Dataset excerpts:
=== Section Start ===
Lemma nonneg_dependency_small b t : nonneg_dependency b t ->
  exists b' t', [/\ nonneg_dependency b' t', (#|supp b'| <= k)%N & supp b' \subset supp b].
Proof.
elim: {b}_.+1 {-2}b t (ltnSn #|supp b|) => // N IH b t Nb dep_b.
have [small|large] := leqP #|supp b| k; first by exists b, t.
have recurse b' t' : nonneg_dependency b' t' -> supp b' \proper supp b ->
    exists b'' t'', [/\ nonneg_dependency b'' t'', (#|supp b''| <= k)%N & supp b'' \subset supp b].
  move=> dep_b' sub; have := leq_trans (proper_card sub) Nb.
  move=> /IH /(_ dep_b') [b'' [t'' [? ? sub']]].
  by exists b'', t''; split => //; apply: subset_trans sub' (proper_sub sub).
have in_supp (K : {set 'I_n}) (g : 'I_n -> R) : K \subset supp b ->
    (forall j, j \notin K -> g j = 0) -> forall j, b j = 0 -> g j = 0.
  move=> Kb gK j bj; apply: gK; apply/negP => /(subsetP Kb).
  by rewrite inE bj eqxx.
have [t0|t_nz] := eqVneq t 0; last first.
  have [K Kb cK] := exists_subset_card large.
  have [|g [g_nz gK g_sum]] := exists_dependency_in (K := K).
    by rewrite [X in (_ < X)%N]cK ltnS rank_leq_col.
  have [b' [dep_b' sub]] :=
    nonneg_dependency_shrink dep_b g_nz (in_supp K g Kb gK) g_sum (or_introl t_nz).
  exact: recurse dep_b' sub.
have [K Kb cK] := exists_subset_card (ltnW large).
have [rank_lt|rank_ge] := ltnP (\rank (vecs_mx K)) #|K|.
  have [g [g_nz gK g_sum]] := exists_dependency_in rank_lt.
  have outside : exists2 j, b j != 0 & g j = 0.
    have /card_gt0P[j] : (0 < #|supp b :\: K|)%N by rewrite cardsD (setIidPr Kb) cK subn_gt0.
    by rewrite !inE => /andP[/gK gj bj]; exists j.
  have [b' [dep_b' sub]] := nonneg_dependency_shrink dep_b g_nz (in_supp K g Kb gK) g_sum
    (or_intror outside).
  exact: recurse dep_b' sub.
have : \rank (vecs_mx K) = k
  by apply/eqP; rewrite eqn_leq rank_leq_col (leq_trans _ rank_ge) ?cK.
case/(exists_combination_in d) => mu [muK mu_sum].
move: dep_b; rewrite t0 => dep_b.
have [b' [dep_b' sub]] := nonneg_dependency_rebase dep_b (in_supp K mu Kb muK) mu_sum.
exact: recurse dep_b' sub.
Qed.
=== Section End ===
=== Section Start ===
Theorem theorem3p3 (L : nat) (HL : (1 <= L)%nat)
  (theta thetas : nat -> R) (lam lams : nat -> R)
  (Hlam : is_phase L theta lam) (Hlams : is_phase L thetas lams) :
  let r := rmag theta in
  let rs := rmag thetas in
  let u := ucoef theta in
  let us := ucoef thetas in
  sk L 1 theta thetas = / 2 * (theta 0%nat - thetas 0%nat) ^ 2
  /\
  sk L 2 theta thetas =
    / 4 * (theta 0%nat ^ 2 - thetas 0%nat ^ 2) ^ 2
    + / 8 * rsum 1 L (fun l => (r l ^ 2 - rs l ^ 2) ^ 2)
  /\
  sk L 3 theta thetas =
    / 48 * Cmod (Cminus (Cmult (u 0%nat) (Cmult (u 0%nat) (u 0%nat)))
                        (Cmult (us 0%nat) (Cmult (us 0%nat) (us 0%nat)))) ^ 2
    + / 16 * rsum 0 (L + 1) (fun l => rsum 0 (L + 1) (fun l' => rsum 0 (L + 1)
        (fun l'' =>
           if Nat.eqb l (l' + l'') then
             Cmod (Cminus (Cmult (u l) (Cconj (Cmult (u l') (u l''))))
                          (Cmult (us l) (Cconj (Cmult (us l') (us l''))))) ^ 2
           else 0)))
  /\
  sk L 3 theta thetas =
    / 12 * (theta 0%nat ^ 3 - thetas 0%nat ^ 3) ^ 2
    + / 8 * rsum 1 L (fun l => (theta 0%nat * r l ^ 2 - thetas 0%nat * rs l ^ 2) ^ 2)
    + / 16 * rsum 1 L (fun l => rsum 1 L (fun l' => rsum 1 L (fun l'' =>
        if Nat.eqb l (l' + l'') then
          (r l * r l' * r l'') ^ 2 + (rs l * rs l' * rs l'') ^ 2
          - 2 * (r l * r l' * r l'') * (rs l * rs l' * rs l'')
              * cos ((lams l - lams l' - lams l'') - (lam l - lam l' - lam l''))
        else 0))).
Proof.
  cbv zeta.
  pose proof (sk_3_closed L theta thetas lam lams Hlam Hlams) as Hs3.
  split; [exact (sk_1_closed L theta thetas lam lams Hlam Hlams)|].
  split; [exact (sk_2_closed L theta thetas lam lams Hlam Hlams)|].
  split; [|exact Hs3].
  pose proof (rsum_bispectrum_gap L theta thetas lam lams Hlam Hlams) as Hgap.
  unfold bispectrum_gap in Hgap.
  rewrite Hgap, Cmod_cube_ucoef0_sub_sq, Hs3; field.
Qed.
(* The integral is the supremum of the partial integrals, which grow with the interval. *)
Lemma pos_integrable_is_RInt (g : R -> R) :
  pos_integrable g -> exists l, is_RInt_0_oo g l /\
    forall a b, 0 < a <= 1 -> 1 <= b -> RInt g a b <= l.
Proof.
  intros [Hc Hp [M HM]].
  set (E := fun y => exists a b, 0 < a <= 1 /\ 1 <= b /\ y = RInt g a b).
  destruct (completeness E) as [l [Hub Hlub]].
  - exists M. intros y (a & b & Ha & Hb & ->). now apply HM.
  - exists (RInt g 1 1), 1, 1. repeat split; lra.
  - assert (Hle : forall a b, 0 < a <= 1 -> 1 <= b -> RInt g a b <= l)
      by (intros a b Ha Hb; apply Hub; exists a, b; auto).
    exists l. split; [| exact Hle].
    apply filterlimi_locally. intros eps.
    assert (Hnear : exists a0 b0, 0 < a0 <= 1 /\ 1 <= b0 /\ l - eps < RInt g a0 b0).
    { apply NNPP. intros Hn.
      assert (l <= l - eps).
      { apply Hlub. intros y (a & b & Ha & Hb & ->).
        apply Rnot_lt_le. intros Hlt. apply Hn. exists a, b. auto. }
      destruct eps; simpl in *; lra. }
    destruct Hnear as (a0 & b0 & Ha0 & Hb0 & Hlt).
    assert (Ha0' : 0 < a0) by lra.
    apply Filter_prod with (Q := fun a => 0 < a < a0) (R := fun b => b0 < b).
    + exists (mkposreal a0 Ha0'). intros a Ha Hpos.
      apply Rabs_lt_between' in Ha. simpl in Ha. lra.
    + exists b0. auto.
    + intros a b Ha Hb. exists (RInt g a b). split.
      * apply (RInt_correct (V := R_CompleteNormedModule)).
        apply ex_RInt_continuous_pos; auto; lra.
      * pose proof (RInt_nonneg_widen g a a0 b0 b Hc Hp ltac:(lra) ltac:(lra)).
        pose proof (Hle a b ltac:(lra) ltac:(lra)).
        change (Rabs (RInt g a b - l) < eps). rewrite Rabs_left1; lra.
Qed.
=== Section End ===
=== Section Start ===
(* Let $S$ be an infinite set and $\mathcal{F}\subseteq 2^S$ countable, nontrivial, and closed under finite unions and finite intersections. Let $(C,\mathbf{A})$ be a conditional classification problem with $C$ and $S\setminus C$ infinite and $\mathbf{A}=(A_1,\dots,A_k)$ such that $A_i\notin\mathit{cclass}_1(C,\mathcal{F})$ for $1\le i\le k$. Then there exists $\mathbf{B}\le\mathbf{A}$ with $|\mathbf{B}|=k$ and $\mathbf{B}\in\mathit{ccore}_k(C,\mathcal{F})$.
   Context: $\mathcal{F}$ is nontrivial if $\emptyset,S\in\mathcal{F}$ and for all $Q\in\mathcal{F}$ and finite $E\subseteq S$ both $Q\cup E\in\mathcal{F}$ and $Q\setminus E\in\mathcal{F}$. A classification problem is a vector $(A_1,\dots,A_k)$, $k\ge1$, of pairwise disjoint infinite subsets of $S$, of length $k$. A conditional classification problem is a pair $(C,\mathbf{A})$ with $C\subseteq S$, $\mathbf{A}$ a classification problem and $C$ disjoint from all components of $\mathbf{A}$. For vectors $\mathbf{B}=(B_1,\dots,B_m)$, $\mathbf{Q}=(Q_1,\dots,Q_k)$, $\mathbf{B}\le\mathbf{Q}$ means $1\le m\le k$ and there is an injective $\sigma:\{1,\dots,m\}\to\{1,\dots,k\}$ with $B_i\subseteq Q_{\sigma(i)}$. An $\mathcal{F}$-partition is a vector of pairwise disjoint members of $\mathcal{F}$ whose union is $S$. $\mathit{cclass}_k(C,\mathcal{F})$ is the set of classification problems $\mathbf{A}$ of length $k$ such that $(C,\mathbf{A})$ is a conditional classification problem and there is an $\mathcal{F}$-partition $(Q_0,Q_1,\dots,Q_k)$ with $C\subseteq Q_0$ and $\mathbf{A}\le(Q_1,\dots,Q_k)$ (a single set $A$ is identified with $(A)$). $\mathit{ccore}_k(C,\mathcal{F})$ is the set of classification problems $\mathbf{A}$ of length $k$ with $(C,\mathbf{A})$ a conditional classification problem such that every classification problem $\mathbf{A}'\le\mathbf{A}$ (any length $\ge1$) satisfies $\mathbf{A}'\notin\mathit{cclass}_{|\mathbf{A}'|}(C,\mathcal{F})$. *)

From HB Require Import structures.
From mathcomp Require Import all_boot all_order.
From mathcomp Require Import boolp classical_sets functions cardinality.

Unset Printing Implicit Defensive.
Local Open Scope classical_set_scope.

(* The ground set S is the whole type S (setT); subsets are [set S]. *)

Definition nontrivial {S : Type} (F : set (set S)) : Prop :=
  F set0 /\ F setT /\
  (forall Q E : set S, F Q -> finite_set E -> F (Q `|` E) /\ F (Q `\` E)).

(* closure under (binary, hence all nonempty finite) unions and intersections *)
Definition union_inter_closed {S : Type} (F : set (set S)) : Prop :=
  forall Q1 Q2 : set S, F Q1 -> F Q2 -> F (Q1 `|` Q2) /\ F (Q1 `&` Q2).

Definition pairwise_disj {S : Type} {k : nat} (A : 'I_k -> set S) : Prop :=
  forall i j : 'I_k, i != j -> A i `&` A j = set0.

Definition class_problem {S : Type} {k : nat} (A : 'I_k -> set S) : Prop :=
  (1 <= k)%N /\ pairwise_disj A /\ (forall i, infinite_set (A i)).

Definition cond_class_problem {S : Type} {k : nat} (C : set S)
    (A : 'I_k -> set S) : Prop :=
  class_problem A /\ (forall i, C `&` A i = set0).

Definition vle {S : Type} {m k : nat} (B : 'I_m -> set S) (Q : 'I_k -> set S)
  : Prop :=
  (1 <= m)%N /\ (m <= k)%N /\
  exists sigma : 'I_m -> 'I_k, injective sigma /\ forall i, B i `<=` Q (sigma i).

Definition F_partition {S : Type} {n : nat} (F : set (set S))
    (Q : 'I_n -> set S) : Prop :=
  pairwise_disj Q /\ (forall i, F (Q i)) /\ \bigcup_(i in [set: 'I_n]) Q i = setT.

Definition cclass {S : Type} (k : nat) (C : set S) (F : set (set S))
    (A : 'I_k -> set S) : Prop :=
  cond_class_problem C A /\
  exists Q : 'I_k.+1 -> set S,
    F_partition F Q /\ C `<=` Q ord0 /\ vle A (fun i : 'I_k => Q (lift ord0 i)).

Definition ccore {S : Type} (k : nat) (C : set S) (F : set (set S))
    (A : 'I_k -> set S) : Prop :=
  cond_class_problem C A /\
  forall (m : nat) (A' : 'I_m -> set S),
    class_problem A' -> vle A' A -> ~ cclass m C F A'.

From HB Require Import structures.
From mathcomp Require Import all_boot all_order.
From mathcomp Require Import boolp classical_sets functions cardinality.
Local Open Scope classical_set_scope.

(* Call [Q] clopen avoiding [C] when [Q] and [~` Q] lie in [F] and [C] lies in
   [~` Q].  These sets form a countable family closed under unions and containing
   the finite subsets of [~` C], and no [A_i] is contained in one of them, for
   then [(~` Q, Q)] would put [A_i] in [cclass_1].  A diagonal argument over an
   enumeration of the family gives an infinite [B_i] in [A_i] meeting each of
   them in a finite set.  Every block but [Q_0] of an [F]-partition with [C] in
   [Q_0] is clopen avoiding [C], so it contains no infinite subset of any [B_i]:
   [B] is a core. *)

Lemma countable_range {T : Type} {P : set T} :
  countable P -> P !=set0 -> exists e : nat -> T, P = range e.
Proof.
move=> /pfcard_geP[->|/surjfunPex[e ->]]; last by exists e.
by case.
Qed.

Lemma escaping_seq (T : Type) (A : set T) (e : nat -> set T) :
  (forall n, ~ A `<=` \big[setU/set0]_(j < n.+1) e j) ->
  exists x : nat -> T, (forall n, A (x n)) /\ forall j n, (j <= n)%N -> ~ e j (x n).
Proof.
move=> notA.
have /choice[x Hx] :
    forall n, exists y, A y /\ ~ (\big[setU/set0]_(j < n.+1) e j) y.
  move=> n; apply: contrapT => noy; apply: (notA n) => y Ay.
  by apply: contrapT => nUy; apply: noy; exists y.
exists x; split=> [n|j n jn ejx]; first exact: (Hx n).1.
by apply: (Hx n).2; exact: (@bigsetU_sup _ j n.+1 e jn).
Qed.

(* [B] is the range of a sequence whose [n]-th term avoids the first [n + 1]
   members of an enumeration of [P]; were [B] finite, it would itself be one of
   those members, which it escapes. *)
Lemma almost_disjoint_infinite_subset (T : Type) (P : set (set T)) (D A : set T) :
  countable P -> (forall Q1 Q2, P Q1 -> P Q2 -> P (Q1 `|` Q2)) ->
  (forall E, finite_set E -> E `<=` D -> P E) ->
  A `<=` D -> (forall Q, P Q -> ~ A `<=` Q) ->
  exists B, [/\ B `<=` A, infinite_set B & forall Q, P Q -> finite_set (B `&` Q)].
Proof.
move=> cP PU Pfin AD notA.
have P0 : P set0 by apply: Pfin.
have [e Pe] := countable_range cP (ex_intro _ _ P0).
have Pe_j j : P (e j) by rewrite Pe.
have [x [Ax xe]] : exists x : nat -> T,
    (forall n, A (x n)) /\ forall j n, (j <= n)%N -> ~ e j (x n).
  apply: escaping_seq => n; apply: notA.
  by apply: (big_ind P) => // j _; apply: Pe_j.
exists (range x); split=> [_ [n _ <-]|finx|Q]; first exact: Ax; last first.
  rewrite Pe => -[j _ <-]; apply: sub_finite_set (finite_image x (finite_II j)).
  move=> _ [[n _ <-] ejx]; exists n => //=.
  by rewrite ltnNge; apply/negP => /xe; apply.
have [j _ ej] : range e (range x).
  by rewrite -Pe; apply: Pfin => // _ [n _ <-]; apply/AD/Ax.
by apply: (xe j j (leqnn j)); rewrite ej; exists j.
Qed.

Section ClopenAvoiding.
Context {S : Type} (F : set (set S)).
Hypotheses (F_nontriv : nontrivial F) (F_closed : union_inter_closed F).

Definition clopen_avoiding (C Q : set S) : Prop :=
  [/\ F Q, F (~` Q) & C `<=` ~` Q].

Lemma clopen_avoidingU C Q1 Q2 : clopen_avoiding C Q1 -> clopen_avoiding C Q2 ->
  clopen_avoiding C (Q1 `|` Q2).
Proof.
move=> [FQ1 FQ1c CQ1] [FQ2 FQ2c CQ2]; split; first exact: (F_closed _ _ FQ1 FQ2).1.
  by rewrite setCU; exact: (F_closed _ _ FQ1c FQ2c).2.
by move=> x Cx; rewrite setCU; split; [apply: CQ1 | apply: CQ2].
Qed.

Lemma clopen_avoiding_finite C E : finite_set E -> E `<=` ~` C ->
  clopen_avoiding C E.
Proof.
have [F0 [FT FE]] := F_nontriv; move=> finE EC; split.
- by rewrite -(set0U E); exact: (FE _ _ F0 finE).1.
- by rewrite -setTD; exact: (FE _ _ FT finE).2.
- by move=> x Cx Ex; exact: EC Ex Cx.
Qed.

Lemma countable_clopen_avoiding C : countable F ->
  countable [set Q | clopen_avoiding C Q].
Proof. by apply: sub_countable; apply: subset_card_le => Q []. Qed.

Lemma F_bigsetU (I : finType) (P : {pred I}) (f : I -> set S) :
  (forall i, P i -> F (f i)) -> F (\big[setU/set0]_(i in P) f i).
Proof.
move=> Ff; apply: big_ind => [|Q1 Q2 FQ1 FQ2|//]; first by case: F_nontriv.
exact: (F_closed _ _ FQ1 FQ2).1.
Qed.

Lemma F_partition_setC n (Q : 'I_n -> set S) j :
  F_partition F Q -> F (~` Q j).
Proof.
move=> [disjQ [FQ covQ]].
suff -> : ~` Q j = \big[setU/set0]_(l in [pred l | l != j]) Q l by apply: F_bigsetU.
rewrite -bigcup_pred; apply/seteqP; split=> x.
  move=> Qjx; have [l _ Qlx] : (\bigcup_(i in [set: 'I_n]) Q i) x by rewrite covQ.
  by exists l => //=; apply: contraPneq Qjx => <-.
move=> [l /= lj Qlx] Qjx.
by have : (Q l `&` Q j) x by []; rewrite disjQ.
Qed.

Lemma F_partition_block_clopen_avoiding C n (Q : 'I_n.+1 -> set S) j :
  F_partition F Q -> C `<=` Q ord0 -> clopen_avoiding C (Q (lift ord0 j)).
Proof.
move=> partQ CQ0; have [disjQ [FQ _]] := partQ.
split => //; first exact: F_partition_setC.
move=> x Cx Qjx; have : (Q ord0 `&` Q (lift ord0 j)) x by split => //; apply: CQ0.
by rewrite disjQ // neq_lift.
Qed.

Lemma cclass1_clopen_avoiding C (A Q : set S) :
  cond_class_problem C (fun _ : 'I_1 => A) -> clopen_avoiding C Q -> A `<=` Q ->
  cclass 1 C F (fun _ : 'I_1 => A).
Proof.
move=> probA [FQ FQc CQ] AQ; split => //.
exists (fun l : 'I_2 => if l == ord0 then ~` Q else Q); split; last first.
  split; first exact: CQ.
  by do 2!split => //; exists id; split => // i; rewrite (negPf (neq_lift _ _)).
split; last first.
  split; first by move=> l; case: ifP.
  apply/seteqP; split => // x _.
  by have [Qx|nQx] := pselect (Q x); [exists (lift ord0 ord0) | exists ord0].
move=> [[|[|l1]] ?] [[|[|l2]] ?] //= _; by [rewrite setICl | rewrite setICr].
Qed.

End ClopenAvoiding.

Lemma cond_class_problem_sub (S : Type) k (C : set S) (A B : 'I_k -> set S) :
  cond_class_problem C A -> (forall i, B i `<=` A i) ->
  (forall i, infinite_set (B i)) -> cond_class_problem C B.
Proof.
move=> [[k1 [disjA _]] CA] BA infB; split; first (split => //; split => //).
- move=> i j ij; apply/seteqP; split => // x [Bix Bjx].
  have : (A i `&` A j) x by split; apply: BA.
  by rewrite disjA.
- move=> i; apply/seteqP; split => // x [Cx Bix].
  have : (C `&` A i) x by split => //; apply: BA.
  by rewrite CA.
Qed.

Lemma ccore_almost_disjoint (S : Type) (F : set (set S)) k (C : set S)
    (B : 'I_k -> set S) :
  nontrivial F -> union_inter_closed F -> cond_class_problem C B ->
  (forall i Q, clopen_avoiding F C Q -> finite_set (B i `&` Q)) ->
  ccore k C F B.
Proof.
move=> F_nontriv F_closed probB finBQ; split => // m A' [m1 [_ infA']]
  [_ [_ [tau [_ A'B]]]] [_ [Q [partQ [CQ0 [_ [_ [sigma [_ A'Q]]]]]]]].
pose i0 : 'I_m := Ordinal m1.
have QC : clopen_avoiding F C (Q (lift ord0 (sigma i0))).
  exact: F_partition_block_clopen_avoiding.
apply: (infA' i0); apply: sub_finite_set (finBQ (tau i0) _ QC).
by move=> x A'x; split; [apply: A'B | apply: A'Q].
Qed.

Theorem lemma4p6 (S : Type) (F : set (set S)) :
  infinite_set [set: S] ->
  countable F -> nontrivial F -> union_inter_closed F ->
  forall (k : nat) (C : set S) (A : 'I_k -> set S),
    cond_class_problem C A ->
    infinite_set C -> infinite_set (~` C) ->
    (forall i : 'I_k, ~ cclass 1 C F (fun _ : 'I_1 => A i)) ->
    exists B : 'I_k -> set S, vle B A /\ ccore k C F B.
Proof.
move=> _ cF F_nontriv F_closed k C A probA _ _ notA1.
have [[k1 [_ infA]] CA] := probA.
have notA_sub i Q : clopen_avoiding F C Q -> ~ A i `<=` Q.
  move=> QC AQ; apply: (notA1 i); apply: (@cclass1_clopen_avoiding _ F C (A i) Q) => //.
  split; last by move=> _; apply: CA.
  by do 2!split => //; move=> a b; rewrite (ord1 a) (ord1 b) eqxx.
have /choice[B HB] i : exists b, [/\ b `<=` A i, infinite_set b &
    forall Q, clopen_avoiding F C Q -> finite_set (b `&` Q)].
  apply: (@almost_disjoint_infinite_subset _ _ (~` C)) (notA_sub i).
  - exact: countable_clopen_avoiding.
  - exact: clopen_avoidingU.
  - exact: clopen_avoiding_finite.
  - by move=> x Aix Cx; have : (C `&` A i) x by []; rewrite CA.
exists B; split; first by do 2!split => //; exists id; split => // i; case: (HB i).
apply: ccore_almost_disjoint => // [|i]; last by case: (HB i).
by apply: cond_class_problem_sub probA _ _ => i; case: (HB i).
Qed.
=== Section End ===
__Goal of the exercise__. In the data above, find the line that contains "(forall i Q, clopen_avoiding" and the line that contains "countable F -> nontrivial". Repeat exactly those lines and every line between them, and only those.

__Exercise answer__.
  (forall i Q, clopen_avoiding F C Q -> finite_set (B i `&` Q)) ->
  ccore k C F B.
Proof.
move=> F_nontriv F_closed probB finBQ; split => // m A' [m1 [_ infA']]
  [_ [_ [tau [_ A'B]]]] [_ [Q [partQ [CQ0 [_ [_ [sigma [_ A'Q]]]]]]]].
pose i0 : 'I_m := Ordinal m1.
have QC : clopen_avoiding F C (Q (lift ord0 (sigma i0))).
  exact: F_partition_block_clopen_avoiding.
apply: (infA' i0); apply: sub_finite_set (finBQ (tau i0) _ QC).
by move=> x A'x; split; [apply: A'B | apply: A'Q].
Qed.

Theorem lemma4p6 (S : Type) (F : set (set S)) :
  infinite_set [set: S] ->
  countable F -> nontrivial F -> union_inter_closed F ->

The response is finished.